*YOUR ASSIGNMENT*
Restrict the output to the lines below starting at the one that contains "(* Strict subharmonicity" and ending at the one that contains "move=> yz; rewrite sum_plus", and restate them word for word, both ends included.

*DATA RECORDS*
Lemma barrier_gap_pos : 0 < gap.
Proof. by have := gaussian_profile_decr (Rlt_le _ _ rho_pos) rho_R; rewrite /barrier_gap; lra. Qed.

Lemma barrier_inner y : dist y z = rho -> barrier y = 1.
Proof.
move=> yz; have := barrier_gap_pos.
by rewrite /barrier /gaussian -dist_sqr yz /barrier_gap => ?; field; lra.
Qed.

Lemma barrier_outer y : dist y z = rad -> barrier y = 0.
Proof. by move=> yz; rewrite /barrier /gaussian -dist_sqr yz Rminus_diag /Rdiv Rmult_0_l. Qed.

Lemma barrier_pos y : dist y z < rad -> 0 < barrier y.
Proof.
move=> yz; apply: Rdiv_lt_0_compat; last exact: barrier_gap_pos.
by rewrite /gaussian -dist_sqr; have := gaussian_profile_decr (dist_ge0 y z) yz; lra.
Qed.

Lemma barrier_cont A : cont_on A barrier.
Proof.
rewrite /barrier /Rdiv; apply: (cont_on_comp (f := gaussian al z) (h := fun s => (s - exp (- al * (rad * rad))) * / gap))
  => [|s]; last by exists (/ gap); apply is_derive_Reals; auto_derive => //; ring.
apply: (cont_on_comp (f := fun y => - al * dist2 y z) (h := exp)) => [|s].
  by apply: (cont_on_scal (- al) (f := fun y => dist2 y z)); apply: cont_on_dist2.
by exists (exp s); apply: derivable_pt_lim_exp.
Qed.

Lemma barrier_pure_partials D : pure_partials D barrier
  (fun i y => / gap * (- 2 * al * (y i - z i) * gaussian al z y) + 0)
  (fun i y => / gap * ((4 * al * al * (y i - z i) * (y i - z i) - 2 * al) * gaussian al z y) + 0).
Proof.
have -> : barrier = fun y => / gap * gaussian al z y + - (exp (- al * (rad * rad)) / gap).
  by apply: functional_extensionality => y; rewrite /barrier /Rdiv; ring.
exact: pure_partials_plus (pure_partials_scal _ (pure_partials_gaussian D z al))
                          (pure_partials_const D _).
Qed.

(* Strict subharmonicity on the exterior of the inner ball: the choice of al
   makes 4 al^2 |y-z|^2 > 4 al^2 rho^2 = 4 al (N + 1) > 2 al N. *)
Lemma barrier_laplacian_pos y : rho < dist y z ->
  0 < sumR N (fun i => / gap * ((4 * al * al * (y i - z i) * (y i - z i) - 2 * al) * gaussian al z y) + 0).
Proof.
move=> yz; rewrite sum_plus sum_scal laplacian_gaussian (eq_bigr (fun _ => 0)) // sum_const.
have al0 := barrier_rate_pos; have := Rinv_0_lt_compat _ barrier_gap_pos.
have : 0 < (4 * al * al * dist2 y z - 2 * al * INR N) * gaussian al z y.
  apply: Rmult_lt_0_compat; last exact: exp_pos.
  have : rho * rho < dist2 y z by rewrite -dist_sqr; nra.
  have : al * (rho * rho) = INR N + 1 by rewrite /barrier_rate; field; lra.
  by have := pos_INR N; nra.
by nra.
Qed.

(* Linear growth away from the outer sphere, the quantitative content of Hopf's lemma. *)
Definition hopf_slope := exp (- al * (rad * rad)) * al * rad / gap.

Lemma hopf_slope_pos : 0 < hopf_slope.
Proof.
have := barrier_rate_pos; have := barrier_gap_pos; have := exp_pos (- al * (rad * rad)).
move=> *; rewrite /hopf_slope; apply: Rdiv_lt_0_compat => //.
by apply: Rmult_lt_0_compat; [apply: Rmult_lt_0_compat|]; lra.
Qed.

Lemma barrier_linear_growth y h : 0 < h -> rho < rad - h -> dist y z = rad - h ->
  hopf_slope * h <= barrier y.
Proof.
move=> h0 hR yz; have al0 := barrier_rate_pos; have gap0 := barrier_gap_pos.
rewrite /hopf_slope /barrier /gaussian -dist_sqr yz /Rdiv.
have -> : exp (- al * (rad * rad)) * al * rad * / gap * h = (exp (- al * (rad * rad)) * al * rad * h) * / gap
  by ring.
apply: Rmult_le_compat_r; first by apply: Rlt_le; apply: Rinv_0_lt_compat.
have -> : exp (- al * ((rad - h) * (rad - h))) = exp (- al * (rad * rad)) * exp (al * (2 * rad * h - h * h))
  by rewrite -exp_plus; f_equal; ring.
have : 1 + al * (2 * rad * h - h * h) <= exp (al * (2 * rad * h - h * h)).
  case: (Req_dec (al * (2 * rad * h - h * h)) 0) => [->|ne]; first by rewrite exp_0; lra.
  by apply: Rlt_le; apply: exp_ineq1.
have E0 := exp_pos (- al * (rad * rad)).
have : al * rad * h <= al * (2 * rad * h - h * h).
  have : 0 <= h * (rad - h) by nra.
  nra.
by nra.
Qed.
End Barrier.

Lemma annulus_open N (z : Rn N) rho rad : is_open (fun y => rho < dist y z < rad).
Proof.
move=> y [h1 h2]; exists (Rmin (dist y z - rho) (rad - dist y z)).
split => [|y' hy']; first by apply: Rmin_pos; lra.
have := Rmin_l (dist y z - rho) (rad - dist y z); have := Rmin_r (dist y z - rho) (rad - dist y z).
by have := dist_tri y' y z; have := dist_tri y y' z; rewrite (dist_sym y' y); split; lra.
Qed.

Lemma annulus_closure N (z : Rn N) rho rad y :
  clos (fun y => rho < dist y z < rad) y -> rho <= dist y z <= rad.
Proof.
move=> cy; split; apply: Rnot_lt_le => h.
- case: (cy (rho - dist y z) ltac:(lra)) => y' [[h1 h2] h3].
  by have := dist_tri y' y z; rewrite (dist_sym y' y); lra.
- case: (cy (dist y z - rad) ltac:(lra)) => y' [[h1 h2] h3].
  by have := dist_tri y y' z; lra.
Qed.

Section HarmonicComparison.
Variables (N : nat) (Om C : Rn N -> Prop) (v : Rn N -> R) (d1 d2 : 'I_N -> Rn N -> R).
Hypothesis v_partials : pure_partials Om v d1 d2.
Hypothesis v_harmonic : forall y, Om y -> sumR N (fun i => d2 i y) = 0.
Hypothesis v_cont : cont_on C v.
Hypothesis v_nonneg : forall y, C y -> 0 <= v y.

(* If v >= m > 0 on the inner ball then v >= m * barrier on the annulus:
   v - m * barrier is a strict supersolution, nonnegative on both spheres. *)
Lemma annulus_comparison z rho rad m : 0 < rho -> rho < rad -> 0 < m ->
  (forall y, dist y z < rad -> Om y) -> (forall y, dist y z <= rad -> C y) ->
  (forall y, dist y z <= rho -> m <= v y) ->
  forall y, rho < dist y z < rad -> m * barrier z rho rad y <= v y.
Proof.
move=> rho0 rho_rad m0 ball_Om ball_C inner.
pose D y := rho < dist y z < rad.
have D_Om y : D y -> Om y by move=> [_ ?]; apply: ball_Om.
have D_C y : clos D y -> C y by move/annulus_closure => [_ ?]; apply: ball_C.
suff : forall y, D y -> 0 <= v y + - m * barrier z rho rad y by move=> key y /key; lra.
have w_partials := pure_partials_plus (pure_partials_restrict v_partials D_Om)
  (pure_partials_scal (- m) (barrier_pure_partials z rho rad D)).
apply: (weak_minimum_principle (B := norm z + rad + 1) _ _ _ w_partials).
- exact: annulus_open.
- move=> y /annulus_closure [_ yz] i.
  have := coord_le_dist y z i; have := coord_le_norm z i.
  by have := Rabs_triang (y i - z i) (z i); rewrite Rplus_comm Rplus_minus; lra.
- apply: cont_on_plus; first exact: cont_on_sub v_cont D_C.
  by apply: (cont_on_scal (- m) (f := barrier z rho rad)); apply: barrier_cont.
- move=> y Dy; rewrite sum_plus v_harmonic ?sum_scal; last exact: D_Om.
  by have := barrier_laplacian_pos rho0 rho_rad (proj1 Dy); nra.
- move=> y cy nDy; have [yz1 yz2] := annulus_closure cy.
  case: (Rle_lt_or_eq_dec _ _ yz1) => [yz1'|yz_rho]; last first.
    rewrite (barrier_inner rho0 rho_rad (esym yz_rho)).
    by have := inner y (Req_le _ _ (esym yz_rho)); lra.
  case: (Rle_lt_or_eq_dec _ _ yz2) => [yz2'|yzR]; first by case: nDy.
  by rewrite barrier_outer //; have := v_nonneg (ball_C y (Req_le _ _ yzR)); lra.
Qed.

Lemma inner_ball_lower_bound z rad : 0 < rad -> (forall y, dist y z <= rad -> C y) -> 0 < v z ->
  exists rho, 0 < rho /\ rho < rad /\ forall y, dist y z <= rho -> v z / 2 <= v y.
Proof.
move=> rad0 ball_C vz.
have Cz : C z by apply: ball_C; rewrite dist_refl; lra.
case: (v_cont Cz (eps := v z / 2) ltac:(lra)) => d [d0 hd].
case: (below_both d0 rad0) => rho [rho0 [rho_d rho_rad]].
exists rho; do 2!split => //.
move=> y yz; have /Rabs_lt_between : Rabs (v y - v z) < v z / 2.
  by apply: hd; [apply: ball_C | rewrite dist_sym]; lra.
lra.
Qed.

Lemma positivity_spreads z rad y : 0 < rad ->
  (forall y, dist y z < rad -> Om y) -> (forall y, dist y z <= rad -> C y) ->
  0 < v z -> dist y z < rad -> 0 < v y.
Proof.
move=> rad0 ball_Om ball_C vz yz.
case: (inner_ball_lower_bound rad0 ball_C vz) => rho [rho0 [rho_rad inner]].
case: (Rle_lt_dec (dist y z) rho) => [y_in|y_out]; first by have := inner y y_in; lra.
have := annulus_comparison (m := v z / 2) rho0 rho_rad ltac:(lra) ball_Om ball_C inner (conj y_out yz).
by have := barrier_pos rho0 rho_rad yz; nra.
Qed.

Lemma hopf_lemma z rad : 0 < rad ->
  (forall y, dist y z < rad -> Om y) -> (forall y, dist y z <= rad -> C y) -> 0 < v z ->
  exists kappa delta, 0 < kappa /\ 0 < delta /\
    forall y h, 0 < h < delta -> dist y z = rad - h -> kappa * h <= v y.
Proof.
move=> rad0 ball_Om ball_C vz.
case: (inner_ball_lower_bound rad0 ball_C vz) => rho [rho0 [rho_rad inner]].
exists (v z / 2 * hopf_slope N rho rad), (rad - rho).
have slope0 := hopf_slope_pos N rho0 rho_rad.
split; first by apply: Rmult_lt_0_compat; lra.
split; first lra.
move=> y h [h0 h_small] yz.
have := annulus_comparison (m := v z / 2) rho0 rho_rad ltac:(lra) ball_Om ball_C inner (y := y) ltac:(rewrite yz; lra).
have := barrier_linear_growth rho0 rho_rad h0 ltac:(lra) yz.
by nra.
Qed.
End HarmonicComparison.

Lemma harmonic_pure_partials N (U : Rn N -> Prop) f : harmonic_on U f ->
  exists d1 d2, pure_partials U f d1 d2 /\ forall y, U y -> sumR N (fun i => d2 i y) = 0.
Proof.
case=> d1 [d2 [[_ [dd1 [_ [dd2 _]]]] lap0]].
by exists d1, (fun i y => d2 i i y); split => //; split => i y Uy; [apply: dd1 | apply: dd2].
Qed.

Lemma clos_norm_bound n (H : Rn n -> Prop) M x :
  (forall x, H x -> norm x <= M) -> clos H x -> norm x <= M + 1.
Proof.
move=> HM cx; case: (cx 1 Rlt_0_1) => x' [Hx' d].
by have := norm_le_dist x x'; have := HM x' Hx'; lra.
Qed.

Definition truncated_cyl n (H : Rn n -> Prop) L (y : Rn n.+1) := cyl H y /\ y ord_max < L.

*SOLUTION BELOW*
(* Strict subharmonicity on the exterior of the inner ball: the choice of al
   makes 4 al^2 |y-z|^2 > 4 al^2 rho^2 = 4 al (N + 1) > 2 al N. *)
Lemma barrier_laplacian_pos y : rho < dist y z ->
  0 < sumR N (fun i => / gap * ((4 * al * al * (y i - z i) * (y i - z i) - 2 * al) * gaussian al z y) + 0).
Proof.
move=> yz; rewrite sum_plus sum_scal laplacian_gaussian (eq_bigr (fun _ => 0)) // sum_const.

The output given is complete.